_Task brief_: Take each line of the material that includes "expnM" and copy it.
Start of Provided material
(* Entry (l, a): labels of the cells of a at levels l and l.+1, the rank of
   h l a, and for each interval i the range of ranks of h l b for which
   h l a + h l b lies in interval i. *)
Definition cell_data :=
  (V * V * 'I_#|V| * {ffun 'I_k -> 'I_#|V|.+1 * 'I_#|V|.+1})%type.

Definition code := {ffun 'I_L * V -> cell_data}.

Definition decode (c : code) (a b : V) : bool :=
  [exists l : 'I_L,
     let: (la, la', _, cut) := c (l, a) in
     let: (lb, lb', rb, _) := c (l, b) in
     [&& la == lb, la' != lb' & [exists i, (cut i).1 <= rb <= (cut i).2]]].

Lemma card_code : #|V| < 2 ^ L -> #|{: code}| <= 2 ^ (L * (2 * k + 3) * (L * #|V|)).
Proof.
move=> small_V; have le_V := ltnW small_V.
rewrite !(card_ffun, card_prod, card_ord) [2 ^ _]expnM leq_exp2rW //.
rewrite [2 ^ _]expnM addnC expnD expnM.
have le_V3 : #|V| * #|V| * #|V| <= (2 ^ L) ^ 3 by rewrite -mulnA !leq_mul.
exact: leq_mul le_V3 (leq_exp2rW _ (leq_mul small_V small_V)).
Qed.

Variables (I : 'I_k -> interval R) (d : V -> V -> R).
Variables (cell : nat -> V -> {set V}) (h : nat -> V -> R).
Hypothesis cell_refl : forall l a, a \in cell l a.
Hypothesis cell_shared : forall l a b, b \in cell l a -> cell l b = cell l a.
Hypothesis split_level : forall a b, a != b ->
  exists2 l, l < L & (b \in cell l a) && (b \notin cell l.+1 a).
Hypothesis d_split : forall l a b, b \in cell l a -> b \notin cell l.+1 a ->
  d a b = (h l a + h l b)%R.

Definition label l a := odflt a [pick z in cell l a].

Lemma label_eq l a b : (label l a == label l b) = (b \in cell l a).
Proof.
have label_in c : label l c \in cell l c.
  by rewrite /label; case: pickP => [//|/(_ c)]; rewrite cell_refl.
apply/idP/idP => [/eqP eq_ab | b_a].
  have := label_in a; rewrite eq_ab => /cell_shared <-.
  by rewrite (cell_shared (label_in b)) cell_refl.
rewrite /label (cell_shared b_a); case: pickP => [//|/(_ a)].
by rewrite cell_refl.
Qed.

Lemma decode_exists : exists c : code, forall a b, a != b ->
  [exists i, d a b \in I i] = decode c a b.
Proof.
have cuts (x : 'I_L * V * 'I_k) : exists p : 'I_#|V|.+1 * 'I_#|V|.+1,
    forall b, (h x.1.1 x.1.2 + h x.1.1 b \in I x.2)%R = (p.1 <= rank (h x.1.1) b <= p.2).
  case: x => [[l a] i] /=.
  have [|lo [hi cut_lh]] := rank_cut (h l) (P := fun y => h l a + y \in I i)%R.
    move=> y1 y y2 in1 in2 /andP[le1 le2]; apply: itv_convex in1 in2 _.
    by rewrite !lerD2l le1.
  by exists (lo, hi).
have [cut cutP] := fin_all_exists cuts.
exists [ffun x : 'I_L * V => (label x.1 x.2, label x.1.+1 x.2,
  Ordinal (rank_lt (h x.1) x.2), [ffun i => cut (x.1, x.2, i)])].
move=> a b neq_ab; rewrite /decode.
under [RHS]eq_existsb => l do rewrite !ffunE /= !label_eq.
under [RHS]eq_existsb => l do
  under eq_existsb => i do rewrite ffunE -(cutP (l, a, i)) /=.
apply/existsP/existsP => [[i d_i] | [l /and3P[in_l out_l /existsP[i]]]].
  have [l lt_lL /andP[in_l out_l]] := split_level neq_ab.
  exists (Ordinal lt_lL); rewrite in_l out_l -d_split //.
  by apply/existsP; exists i.
by exists i; rewrite (d_split in_l out_l).
Qed.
End of Provided material
_Solution_:
rewrite !(card_ffun, card_prod, card_ord) [2 ^ _]expnM leq_exp2rW //.
rewrite [2 ^ _]expnM addnC expnD expnM.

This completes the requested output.